Back then gunpowder was made from a mixture of sulfur, saltpeter and carbon…all edible.

Can you imagine drinking a mixture of raw alcohol, chewing tobacco, creosote and cayenne pepper…and possibly even a little gunpowder?

I can fully understand why it was served in a shot glass and drank down in one gulp. Proof enough for me that the whole idea behind drinking this swill was nothing more than to either get drunk or show how tuff you were. After all, lets not forget the fact that the saloon was a man’s world, and bravado was definitely part of the scene.

The cowboys and miners who frequented these saloons had names for this stuff. Here are just a few. Tanglefoot, rot gut, red eye, coffin varnish, ditch water, firewater, bug juice, pine top and forty rod.
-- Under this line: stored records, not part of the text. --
(* Let $X$ be a multitype Galton–Watson tree with offspring kernel $\mathbb Q$ on a finite alphabet $\mathcal X$. Assume that $(\tilde L_X,M_X)$, conditioned on $\{|T|=n\}$, satisfies a large deviation principle (as $n\to\infty$, speed $n$) in $\mathcal M_s$ with the convex, good rate function $$\widetilde J(\varpi,\nu)=\begin{cases}H(\nu\,\|\,\nu_1\otimes\mathbb Q)&\text{if }\varpi_2=\nu_1,\\ \infty&\text{otherwise.}\end{cases}$$ Then $(\tilde L_X,M_X)$ conditioned on $\{|T|=n\}$ satisfies the large deviation principle in $\tilde{\mathcal M}(\mathcal X\times\mathcal X)\times\mathcal M(\mathcal X\times\mathcal X^* )$ with the convex, good rate function $J(\varpi,\nu)=H(\nu\,\|\,\nu_1\otimes\mathbb Q)$ if $(\varpi,\nu)$ is sub-consistent and $\varpi_2=\nu_1$, and $J(\varpi,\nu)=\infty$ otherwise.
   Context: $\mathcal X^*=\bigcup_{n\ge0}\{n\}\times\mathcal X^n$, elements $c=(n,a_1,\dots,a_n)$, $m(a,c)=\sum_{i}\mathbf 1\{a_i=a\}$. The multitype Galton–Watson tree: root type from an initial law $\mu$; each vertex $v$ of type $a$ independently has children number and types $C(v)=(N(v),X_1(v),\dots,X_{N(v)}(v))\sim\mathbb Q\{\cdot\mid a\}$. $M_X(a,c)=\frac1{|T|}\sum_v\delta_{(X(v),C(v))}(a,c)$; $\tilde L_X(a,b)=\frac1{|T|}\sum_{e\in E}\delta_{(X(e_1),X(e_2))}(a,b)$ (edges oriented away from the root, $e_1$ parent, $e_2$ child). $\tilde{\mathcal M}(\mathcal X\times\mathcal X)$: finite measures; $\mathcal M(\mathcal X\times\mathcal X^* )$: probability measures $\nu$ with $\int n\,d\nu<\infty$; weak topology. $(\varpi,\nu)$ is sub-consistent if $\varpi(a,b)\ge\sum_c m(b,c)\nu(a,c)$ for all $a,b$; $\mathcal M_s$ is the set of sub-consistent pairs, with the subspace topology. $\nu_1$: $\mathcal X$-marginal of $\nu$; $\varpi_2$: second marginal of $\varpi$; $\nu_1\otimes\mathbb Q(a,c)=\nu_1(a)\mathbb Q\{c\mid a\}$; $H$ relative entropy. *)

From HB Require Import structures.
From mathcomp Require Import all_boot all_order all_algebra.
From mathcomp Require Import all_classical all_reals.
From mathcomp Require Import ereal topology sequences esum exp.
From Stdlib Require List.
Set Implicit Arguments. Unset Strict Implicit. Unset Printing Implicit Defensive.
Import Order.TTheory GRing.Theory Num.Theory.
Local Open Scope classical_set_scope.
Local Open Scope ring_scope.
(* Under Assumptions 1 and 2 (stated in the context), the boundary $\partial\mathcal{K}_\beta:=\operatorname{cl}(\mathcal{K}_\beta)\setminus\mathcal{K}_\beta$ satisfies $\partial\mathcal{K}_\beta\subseteq\{K\in\mathcal{K}:\|\mathbf{T}_\infty(K)\|_{\mathcal{H}_\infty}=\beta\}$.
   Context: Let $A\in\mathbb{R}^{n\times n}$, $B\in\mathbb{R}^{n\times m}$, $B_w\in\mathbb{R}^{n\times n}$, $W:=B_wB_w^{\mathsf T}$. Let $Q_2\succeq0$, $R_2\succ0$, $Q_\infty\succ0$, $R_\infty\succ0$ be symmetric weight matrices and $\beta>0$. For $K\in\mathbb{R}^{m\times n}$ write $A_K:=A+BK$. Let $\mathcal{K}:=\{K: A_K \text{ Hurwitz}\}$. For $K\in\mathcal{K}$ let $\mathbf{T}_\infty(K)(s)=\begin{bmatrix}Q_\infty^{1/2}\\ R_\infty^{1/2}K\end{bmatrix}(sI-A_K)^{-1}B_w$ and $\|\cdot\|_{\mathcal{H}_\infty}$ the $\mathcal{H}_\infty$ norm. $\mathcal{K}_\beta:=\{K\in\mathcal{K}:\|\mathbf{T}_\infty(K)\|_{\mathcal{H}_\infty}<\beta\}$. Assumption 1: $(A,B)$ stabilizable, $(Q_2^{1/2},A)$ detectable, and $\beta>\beta^\ast:=\inf_{K\in\mathcal{K}}\|\mathbf{T}_\infty(K)\|_{\mathcal{H}_\infty}$. Assumption 2: $Q_2\succeq0$ and $W,Q_\infty,R_2,R_\infty$ positive definite. *)

From HB Require Import structures.
From mathcomp Require Import all_boot all_order all_algebra.
From mathcomp Require Import complex.
From mathcomp Require Import all_classical all_reals all_analysis.
Set Implicit Arguments. Unset Strict Implicit. Unset Printing Implicit Defensive.
Import Order.TTheory GRing.Theory Num.Theory numFieldTopology.Exports.
Local Open Scope ring_scope.
Local Open Scope classical_set_scope.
The name “Forty rod” has to do with the fact that it was so powerful, it could kill a man before he could walk that far after drinking the stuff.

For those of you who don’t know, forty rods is 660 feet, or the distance along one side of a square ten acre parcel of land.

“Firewater” is said to have originated with the Indians who were sold whiskey by the white man. They would spit the first mouthful into the fire and if it flared up, it was good.

The term “proof” originated back when whiskey dealers would test the strength of a product by soaking gunpowder in it and then trying to ignite it. If it lit up, it was considered 100 proof. The idea being that this proved the strength of the product and that it was not watered down.

Considering what I’ve learned about whiskey in the old West, I wonder what that ol’ cowboy at the top of this article meant by the “good stuff?”

I for one don’t think there was such a thing.